Adalah patah hati yang berkepanjangan, didepak GNR membuat Adler semakin tenggelam dalam pusaran narkoba. Ia telah mengalami 28 overdosis, tiga kali percobaan bunuh diri, masuk penjara karena kepemilikan heroin dan tuduhan kekerasan seksual yang ia sanggah karena merasa dijebak. Ia juga pernah mengalami koma (hampir dinyatakan koma seumur hidup) pada 19 April 1996, apalagi kalau bukan karena Mr. Brownstone (julukan yang diberikan GNR untuk narkoba yang juga menjadi salah satu judul lagu mereka).

Tiga hari kemudian ia siuman namun pada saat itu juga ia harus menerima stroke pada bagian wajah sebelah kanan sebagai cobaan hidup berikutnya. Sungguh, ia masih termasuk beruntung karena stroke yang mendera tidak sampai mempengaruhi koordinasi gerakan tangan dan kakinya yang nyata-nyata ia butuhkan untuk bermain musik. 

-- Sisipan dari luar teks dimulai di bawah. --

(* (i) For every pair of distortion functions $(\rho_-,\rho_+)$ there exists a decay family $\Gamma$ such that for every $R\in[0,\infty]$, every metric space with property $K(\rho_-,\rho_+,R)$ has property $k(\Gamma,R)$. (ii) For every decay family $\Gamma$ there exists a pair of distortion functions $(\rho_-,\rho_+)$ such that for every $R\in[0,\infty]$, every metric space with property $k(\Gamma,R)$ has property $K(\rho_-,\rho_+,R)$.
   Context: A distortion function is a non-decreasing proper function $[0,\infty)\to[0,\infty)$. A decay function is a bounded non-increasing function $\gamma:[0,\infty)\to[0,\infty)$ tending to zero at infinity; a decay family is a collection $\Gamma=\{\gamma_{r,\delta}\}$ of decay functions indexed by $(r,\delta)\in[0,\infty)\times(0,1]$. A kernel $K:Y\times Y\to\mathbb{R}_+$ is negative type if $\sum_{i,j}z_i\overline{z_j}K(y_i,y_j)\le0$ for all finite $\{y_1,\dots,y_m\}\subseteq Y$ and $z_i\in\mathbb{C}$ with $\sum z_i=0$; a kernel $k$ is positive type if $\sum_{i,j}z_i\overline{z_j}k(y_i,y_j)\ge0$ for all finite $\{y_i\}\subseteq Y$ and all $z_i\in\mathbb{C}$. A metric space $Y$ has property $K(\rho_-,\rho_+,R)$ ($R\in[0,\infty]$) if there is a kernel $K:Y\times Y\to\mathbb{R}_+$ with $K(x,x)=0$, $K(x,y)=K(y,x)$, $\rho_-(d(x,y))\le K(x,y)\le\rho_+(d(x,y))$, and whose restriction to $E\times E$ is negative type for each $E\subseteq Y$ of diameter at most $R$. $Y$ has property $k(\Gamma,R)$ if for every $(r,\delta)\in[0,\infty)\times(0,1]$ there is a kernel $k:Y\times Y\to[0,1]$ with $k(x,x)=1$, $k(x,y)=k(y,x)$, $1-k(x,y)<\delta$ whenever $d(x,y)\le r$, $k(x,y)\le\gamma_{r,\delta}(d(x,y))$ for all $x,y$, and whose restriction to $E\times E$ is positive type for each $E\subseteq Y$ of diameter at most $R$. *)

From HB Require Import structures.
From mathcomp Require Import all_boot all_order all_algebra.
From mathcomp Require Import all_classical all_reals.
From mathcomp Require Import ereal Rstruct.
From mathcomp Require Import complex.
From Stdlib Require Import Reals.
Set Implicit Arguments. Unset Strict Implicit. Unset Printing Implicit Defensive.
Import Order.TTheory GRing.Theory Num.Theory.
Local Open Scope ring_scope.
Local Open Scope complex_scope.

Tidak kapok. Itulah nama tengah yang tepat buat Adler saat itu. Rehabilitasi berkali-kali, koma dan stroke tidak berhasil menghentikannya dari candu heroin. Di tahun 2007 dalam program televisi di channel VH1 bertajuk Celebrity Rehab with Dr. Drew, akhirnya membulatkan keinginannya untuk sembuh dan di saat yang sama ia juga bertekad untuk pulih dari stroke. 

Tidak pernah mudah, ia harus belajar dari awal lagi seperti anak-anak yang baru sekolah mengeja kata-kata. Perlahan-lahan ia membaik meski hingga sekarang ketika berbicara kalimatnya kerap terdengar tidak jelas akibat stroke yang pernah dideritanya itu.

Sang drummer di penghujung tahun 80-an, rocker muda dengan mimpi-mimpi yang layu sebelum benar-benar berkembang. (Foto: forums.stevehoffman.tv)

Habis Kelam, Terbitlah Buku

Sebagai musisi, Steven Adler adalah sosok survivorGNR survivorrock n' roll survivor dimana kebanyakan rekan-rekan sejawatnya hancur lebur dalam lingkaran seks, narkoba dan alkohol yang kemudian tewas karena overdosis, alcohol poisoning atau bahkan karena mengidap AIDS. Adler seakan mempunyai banyak nyawa untuk tetap hidup. 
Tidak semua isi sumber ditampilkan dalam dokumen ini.